Extracted records
-------
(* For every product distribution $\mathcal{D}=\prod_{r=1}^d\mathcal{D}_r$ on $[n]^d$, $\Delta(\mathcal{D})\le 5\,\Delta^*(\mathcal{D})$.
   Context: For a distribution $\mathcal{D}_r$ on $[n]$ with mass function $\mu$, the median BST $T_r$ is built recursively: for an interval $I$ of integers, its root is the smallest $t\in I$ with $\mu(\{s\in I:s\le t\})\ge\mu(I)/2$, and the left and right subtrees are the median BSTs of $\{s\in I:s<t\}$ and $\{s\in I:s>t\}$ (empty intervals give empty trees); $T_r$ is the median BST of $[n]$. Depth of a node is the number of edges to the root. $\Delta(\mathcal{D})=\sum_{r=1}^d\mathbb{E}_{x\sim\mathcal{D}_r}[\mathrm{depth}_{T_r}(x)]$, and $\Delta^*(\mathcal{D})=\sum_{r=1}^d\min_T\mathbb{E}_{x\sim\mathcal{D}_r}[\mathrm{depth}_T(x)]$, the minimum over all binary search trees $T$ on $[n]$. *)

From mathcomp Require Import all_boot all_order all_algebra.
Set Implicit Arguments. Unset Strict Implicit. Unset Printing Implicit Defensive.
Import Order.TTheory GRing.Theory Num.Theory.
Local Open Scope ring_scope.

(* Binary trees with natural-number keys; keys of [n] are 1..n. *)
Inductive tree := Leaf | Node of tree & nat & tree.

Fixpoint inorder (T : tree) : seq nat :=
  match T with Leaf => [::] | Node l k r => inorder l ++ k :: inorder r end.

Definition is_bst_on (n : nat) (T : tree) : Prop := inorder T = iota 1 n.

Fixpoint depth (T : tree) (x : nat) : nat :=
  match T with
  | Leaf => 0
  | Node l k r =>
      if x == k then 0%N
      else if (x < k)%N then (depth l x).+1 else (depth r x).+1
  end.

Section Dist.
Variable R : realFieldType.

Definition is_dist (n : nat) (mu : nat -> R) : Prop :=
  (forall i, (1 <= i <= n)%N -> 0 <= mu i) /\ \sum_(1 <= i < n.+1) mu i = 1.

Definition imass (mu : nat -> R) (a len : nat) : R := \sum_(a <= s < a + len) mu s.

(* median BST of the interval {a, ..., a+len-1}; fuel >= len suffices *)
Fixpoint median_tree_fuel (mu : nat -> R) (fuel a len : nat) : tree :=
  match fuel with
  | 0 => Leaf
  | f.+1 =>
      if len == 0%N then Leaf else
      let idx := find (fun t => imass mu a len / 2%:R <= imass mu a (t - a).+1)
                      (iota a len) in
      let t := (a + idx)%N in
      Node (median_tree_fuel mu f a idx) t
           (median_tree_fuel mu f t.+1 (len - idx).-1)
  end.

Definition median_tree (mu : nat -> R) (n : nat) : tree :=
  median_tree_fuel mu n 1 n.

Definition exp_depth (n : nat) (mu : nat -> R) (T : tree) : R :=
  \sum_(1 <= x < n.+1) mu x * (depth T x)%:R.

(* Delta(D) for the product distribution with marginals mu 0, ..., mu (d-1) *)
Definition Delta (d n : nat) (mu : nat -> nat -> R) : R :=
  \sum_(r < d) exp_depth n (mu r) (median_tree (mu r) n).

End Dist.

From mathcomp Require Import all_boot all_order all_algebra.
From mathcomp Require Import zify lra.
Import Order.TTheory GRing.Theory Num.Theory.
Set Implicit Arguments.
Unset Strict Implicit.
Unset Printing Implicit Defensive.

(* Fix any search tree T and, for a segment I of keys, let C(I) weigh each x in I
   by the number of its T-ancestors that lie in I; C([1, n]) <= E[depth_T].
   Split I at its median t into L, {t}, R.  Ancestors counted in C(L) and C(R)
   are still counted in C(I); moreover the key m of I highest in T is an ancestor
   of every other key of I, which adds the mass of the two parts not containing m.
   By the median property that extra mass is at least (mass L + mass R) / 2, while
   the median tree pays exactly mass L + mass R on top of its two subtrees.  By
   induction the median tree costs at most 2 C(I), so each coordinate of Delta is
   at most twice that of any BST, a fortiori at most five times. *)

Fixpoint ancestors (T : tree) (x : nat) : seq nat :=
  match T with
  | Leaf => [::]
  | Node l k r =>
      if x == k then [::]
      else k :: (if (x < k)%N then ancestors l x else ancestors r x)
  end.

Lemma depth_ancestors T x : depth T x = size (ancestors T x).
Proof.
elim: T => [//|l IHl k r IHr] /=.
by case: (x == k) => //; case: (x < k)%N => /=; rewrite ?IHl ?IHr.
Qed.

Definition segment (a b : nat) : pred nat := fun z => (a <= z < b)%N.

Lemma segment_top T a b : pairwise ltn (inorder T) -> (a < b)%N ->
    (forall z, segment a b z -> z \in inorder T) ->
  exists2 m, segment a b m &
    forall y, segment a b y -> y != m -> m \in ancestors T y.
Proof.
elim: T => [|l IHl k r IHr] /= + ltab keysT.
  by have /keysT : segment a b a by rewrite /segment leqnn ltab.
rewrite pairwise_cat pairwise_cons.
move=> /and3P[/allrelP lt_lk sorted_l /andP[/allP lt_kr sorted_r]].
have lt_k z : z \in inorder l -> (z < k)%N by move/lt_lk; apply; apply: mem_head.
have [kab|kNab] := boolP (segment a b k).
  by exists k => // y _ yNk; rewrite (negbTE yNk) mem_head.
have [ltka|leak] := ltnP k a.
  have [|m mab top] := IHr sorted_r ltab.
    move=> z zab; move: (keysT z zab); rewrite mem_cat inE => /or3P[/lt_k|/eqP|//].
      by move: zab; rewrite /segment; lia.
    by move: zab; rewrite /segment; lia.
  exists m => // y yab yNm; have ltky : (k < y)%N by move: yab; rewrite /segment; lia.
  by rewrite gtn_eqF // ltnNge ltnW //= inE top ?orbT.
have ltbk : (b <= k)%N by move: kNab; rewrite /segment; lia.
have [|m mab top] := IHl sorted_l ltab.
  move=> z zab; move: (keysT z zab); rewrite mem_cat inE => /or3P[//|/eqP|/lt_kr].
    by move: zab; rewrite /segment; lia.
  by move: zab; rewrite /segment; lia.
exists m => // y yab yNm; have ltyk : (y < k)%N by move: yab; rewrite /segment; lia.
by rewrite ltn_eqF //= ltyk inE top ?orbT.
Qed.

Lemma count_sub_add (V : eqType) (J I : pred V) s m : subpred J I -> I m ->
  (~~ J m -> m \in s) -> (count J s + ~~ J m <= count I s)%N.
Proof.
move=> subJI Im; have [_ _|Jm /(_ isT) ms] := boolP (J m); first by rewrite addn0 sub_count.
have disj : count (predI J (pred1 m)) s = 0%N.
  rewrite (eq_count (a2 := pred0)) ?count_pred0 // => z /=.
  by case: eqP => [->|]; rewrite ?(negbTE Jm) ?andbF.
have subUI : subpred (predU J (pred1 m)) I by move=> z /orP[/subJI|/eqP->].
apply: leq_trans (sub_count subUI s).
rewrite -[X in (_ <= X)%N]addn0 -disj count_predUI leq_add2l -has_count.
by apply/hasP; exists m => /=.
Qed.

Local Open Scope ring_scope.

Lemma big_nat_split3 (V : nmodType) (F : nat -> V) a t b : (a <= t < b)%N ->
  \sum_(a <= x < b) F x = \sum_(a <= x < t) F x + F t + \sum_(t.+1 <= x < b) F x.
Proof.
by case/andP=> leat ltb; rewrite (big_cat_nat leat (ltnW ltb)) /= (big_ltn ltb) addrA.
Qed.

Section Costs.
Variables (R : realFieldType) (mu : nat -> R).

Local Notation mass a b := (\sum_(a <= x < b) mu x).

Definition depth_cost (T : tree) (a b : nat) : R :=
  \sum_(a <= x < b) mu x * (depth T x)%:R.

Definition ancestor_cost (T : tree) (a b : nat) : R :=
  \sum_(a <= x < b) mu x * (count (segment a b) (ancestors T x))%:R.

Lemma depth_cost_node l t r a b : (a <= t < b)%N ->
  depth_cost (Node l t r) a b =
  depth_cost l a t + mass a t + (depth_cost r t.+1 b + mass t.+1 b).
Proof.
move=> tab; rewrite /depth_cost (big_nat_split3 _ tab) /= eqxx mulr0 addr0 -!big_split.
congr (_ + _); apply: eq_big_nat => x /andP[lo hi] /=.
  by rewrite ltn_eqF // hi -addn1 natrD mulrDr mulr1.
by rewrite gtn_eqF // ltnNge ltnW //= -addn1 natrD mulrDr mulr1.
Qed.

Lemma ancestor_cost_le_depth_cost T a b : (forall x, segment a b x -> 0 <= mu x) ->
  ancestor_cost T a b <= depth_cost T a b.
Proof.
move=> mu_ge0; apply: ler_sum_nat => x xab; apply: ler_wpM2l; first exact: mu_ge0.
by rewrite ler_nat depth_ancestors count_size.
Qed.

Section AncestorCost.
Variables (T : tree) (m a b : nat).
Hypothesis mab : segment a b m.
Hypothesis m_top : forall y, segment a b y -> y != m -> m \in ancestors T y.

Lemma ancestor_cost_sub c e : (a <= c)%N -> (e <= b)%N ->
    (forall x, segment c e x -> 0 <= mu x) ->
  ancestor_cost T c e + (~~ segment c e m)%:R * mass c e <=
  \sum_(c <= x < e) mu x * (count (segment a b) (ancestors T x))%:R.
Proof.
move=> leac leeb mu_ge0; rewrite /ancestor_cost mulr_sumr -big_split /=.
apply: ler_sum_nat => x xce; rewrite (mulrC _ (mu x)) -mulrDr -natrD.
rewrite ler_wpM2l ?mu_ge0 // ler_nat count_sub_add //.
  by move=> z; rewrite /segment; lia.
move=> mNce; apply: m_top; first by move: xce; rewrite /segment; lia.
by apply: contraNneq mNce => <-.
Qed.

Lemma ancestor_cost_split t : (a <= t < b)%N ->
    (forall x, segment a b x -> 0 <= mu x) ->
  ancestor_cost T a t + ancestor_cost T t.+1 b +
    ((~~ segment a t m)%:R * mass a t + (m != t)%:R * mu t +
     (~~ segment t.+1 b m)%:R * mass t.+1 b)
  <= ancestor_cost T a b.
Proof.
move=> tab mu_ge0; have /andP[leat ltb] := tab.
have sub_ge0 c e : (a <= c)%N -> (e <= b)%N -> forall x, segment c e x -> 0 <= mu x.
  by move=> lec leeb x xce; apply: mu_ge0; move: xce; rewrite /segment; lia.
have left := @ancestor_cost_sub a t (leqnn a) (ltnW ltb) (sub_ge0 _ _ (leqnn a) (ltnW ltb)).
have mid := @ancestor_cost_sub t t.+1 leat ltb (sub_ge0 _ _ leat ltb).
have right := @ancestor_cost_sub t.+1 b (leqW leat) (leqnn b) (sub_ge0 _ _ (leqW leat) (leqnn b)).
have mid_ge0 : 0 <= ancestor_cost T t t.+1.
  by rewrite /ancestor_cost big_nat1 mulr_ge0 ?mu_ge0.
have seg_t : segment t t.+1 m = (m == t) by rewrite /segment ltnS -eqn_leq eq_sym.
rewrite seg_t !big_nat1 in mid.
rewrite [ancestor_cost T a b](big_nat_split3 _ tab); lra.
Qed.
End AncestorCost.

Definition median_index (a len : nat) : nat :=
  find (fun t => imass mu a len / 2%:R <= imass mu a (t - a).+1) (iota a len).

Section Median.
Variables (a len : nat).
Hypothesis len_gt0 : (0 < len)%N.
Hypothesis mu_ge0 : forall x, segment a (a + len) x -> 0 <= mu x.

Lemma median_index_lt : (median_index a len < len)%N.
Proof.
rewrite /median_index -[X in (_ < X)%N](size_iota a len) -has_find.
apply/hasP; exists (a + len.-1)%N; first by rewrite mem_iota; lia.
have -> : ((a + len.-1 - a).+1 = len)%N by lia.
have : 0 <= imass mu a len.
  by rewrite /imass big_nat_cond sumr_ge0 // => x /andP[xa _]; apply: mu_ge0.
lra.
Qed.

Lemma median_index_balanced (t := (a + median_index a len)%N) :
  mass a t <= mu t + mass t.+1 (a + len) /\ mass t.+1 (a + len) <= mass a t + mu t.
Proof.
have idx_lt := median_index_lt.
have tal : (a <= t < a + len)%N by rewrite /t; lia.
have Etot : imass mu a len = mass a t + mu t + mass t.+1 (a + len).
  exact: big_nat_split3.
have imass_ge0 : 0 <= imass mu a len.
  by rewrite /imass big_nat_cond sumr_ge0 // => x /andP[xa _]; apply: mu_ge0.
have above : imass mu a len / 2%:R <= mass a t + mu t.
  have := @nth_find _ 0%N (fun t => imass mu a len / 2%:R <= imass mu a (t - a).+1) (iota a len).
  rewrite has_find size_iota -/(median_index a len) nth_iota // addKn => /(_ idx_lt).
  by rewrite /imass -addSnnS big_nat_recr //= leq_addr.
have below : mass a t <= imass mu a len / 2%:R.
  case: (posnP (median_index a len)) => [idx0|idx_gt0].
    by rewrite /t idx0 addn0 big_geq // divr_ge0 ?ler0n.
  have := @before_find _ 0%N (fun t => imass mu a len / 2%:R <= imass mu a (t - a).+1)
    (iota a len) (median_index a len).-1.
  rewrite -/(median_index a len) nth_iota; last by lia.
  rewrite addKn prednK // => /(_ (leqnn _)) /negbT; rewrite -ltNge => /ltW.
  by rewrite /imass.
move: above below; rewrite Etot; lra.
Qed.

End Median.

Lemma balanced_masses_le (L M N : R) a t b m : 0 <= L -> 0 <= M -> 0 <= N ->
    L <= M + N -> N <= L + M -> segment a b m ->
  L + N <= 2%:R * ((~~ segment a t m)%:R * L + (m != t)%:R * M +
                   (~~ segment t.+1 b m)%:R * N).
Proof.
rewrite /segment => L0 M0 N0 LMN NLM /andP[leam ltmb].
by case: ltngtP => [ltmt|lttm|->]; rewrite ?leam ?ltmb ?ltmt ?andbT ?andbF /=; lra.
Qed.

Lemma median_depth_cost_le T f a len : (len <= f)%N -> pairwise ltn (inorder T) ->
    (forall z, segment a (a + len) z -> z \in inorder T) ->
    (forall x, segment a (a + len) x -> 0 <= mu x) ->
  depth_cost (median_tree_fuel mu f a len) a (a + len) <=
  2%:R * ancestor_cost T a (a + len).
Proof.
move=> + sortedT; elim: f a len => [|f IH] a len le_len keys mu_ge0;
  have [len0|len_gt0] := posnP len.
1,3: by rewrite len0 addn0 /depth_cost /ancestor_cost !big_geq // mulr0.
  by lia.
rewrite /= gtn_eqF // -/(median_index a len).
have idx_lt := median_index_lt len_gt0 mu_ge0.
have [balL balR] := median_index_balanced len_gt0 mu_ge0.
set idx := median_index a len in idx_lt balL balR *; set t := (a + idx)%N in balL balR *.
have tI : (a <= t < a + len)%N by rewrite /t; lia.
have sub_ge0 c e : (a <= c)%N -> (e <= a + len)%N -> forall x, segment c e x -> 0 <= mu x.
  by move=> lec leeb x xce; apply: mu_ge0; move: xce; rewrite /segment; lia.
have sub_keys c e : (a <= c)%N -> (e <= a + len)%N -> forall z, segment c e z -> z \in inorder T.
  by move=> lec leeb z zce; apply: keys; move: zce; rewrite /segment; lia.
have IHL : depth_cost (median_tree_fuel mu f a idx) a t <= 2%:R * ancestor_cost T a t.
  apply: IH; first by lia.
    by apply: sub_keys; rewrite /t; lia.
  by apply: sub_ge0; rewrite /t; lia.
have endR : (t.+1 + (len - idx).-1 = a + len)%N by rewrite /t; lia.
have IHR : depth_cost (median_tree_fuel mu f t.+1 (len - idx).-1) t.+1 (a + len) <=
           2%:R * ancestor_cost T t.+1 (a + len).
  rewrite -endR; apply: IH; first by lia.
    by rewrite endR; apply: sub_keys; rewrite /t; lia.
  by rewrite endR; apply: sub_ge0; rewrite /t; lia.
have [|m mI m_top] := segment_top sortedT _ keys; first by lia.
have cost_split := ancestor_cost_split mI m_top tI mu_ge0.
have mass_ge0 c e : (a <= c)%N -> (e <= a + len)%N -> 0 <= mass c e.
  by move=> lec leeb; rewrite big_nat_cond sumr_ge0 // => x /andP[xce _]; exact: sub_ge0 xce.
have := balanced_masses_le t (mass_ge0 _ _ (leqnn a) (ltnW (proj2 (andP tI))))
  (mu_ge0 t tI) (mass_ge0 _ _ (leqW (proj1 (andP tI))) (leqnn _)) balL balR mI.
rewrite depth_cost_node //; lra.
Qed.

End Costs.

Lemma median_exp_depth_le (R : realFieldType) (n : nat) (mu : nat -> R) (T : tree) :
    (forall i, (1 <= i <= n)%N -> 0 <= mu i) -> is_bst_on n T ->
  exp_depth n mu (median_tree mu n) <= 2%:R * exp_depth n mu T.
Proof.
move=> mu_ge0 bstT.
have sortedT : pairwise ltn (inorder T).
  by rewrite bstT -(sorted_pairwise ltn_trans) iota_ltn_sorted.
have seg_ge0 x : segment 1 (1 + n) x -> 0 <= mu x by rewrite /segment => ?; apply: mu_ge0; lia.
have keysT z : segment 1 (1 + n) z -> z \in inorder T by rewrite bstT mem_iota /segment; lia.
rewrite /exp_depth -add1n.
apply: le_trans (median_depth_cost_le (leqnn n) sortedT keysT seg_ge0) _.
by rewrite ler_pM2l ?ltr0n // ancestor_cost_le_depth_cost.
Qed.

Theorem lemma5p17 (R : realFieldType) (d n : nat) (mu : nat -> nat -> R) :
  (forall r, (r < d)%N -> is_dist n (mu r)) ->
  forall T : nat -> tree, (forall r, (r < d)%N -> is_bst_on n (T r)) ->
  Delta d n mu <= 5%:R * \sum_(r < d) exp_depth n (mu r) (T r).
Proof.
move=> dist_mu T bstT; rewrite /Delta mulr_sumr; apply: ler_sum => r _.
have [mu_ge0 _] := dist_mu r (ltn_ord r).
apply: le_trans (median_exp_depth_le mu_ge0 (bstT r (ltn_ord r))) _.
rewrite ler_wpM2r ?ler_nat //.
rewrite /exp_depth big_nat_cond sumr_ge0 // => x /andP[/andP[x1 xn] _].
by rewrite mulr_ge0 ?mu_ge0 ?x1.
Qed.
-------
Assignment
Write out every line in the data that holds the string "orbT".

The answer
  by rewrite gtn_eqF // ltnNge ltnW //= inE top ?orbT.
by rewrite ltn_eqF //= ltyk inE top ?orbT.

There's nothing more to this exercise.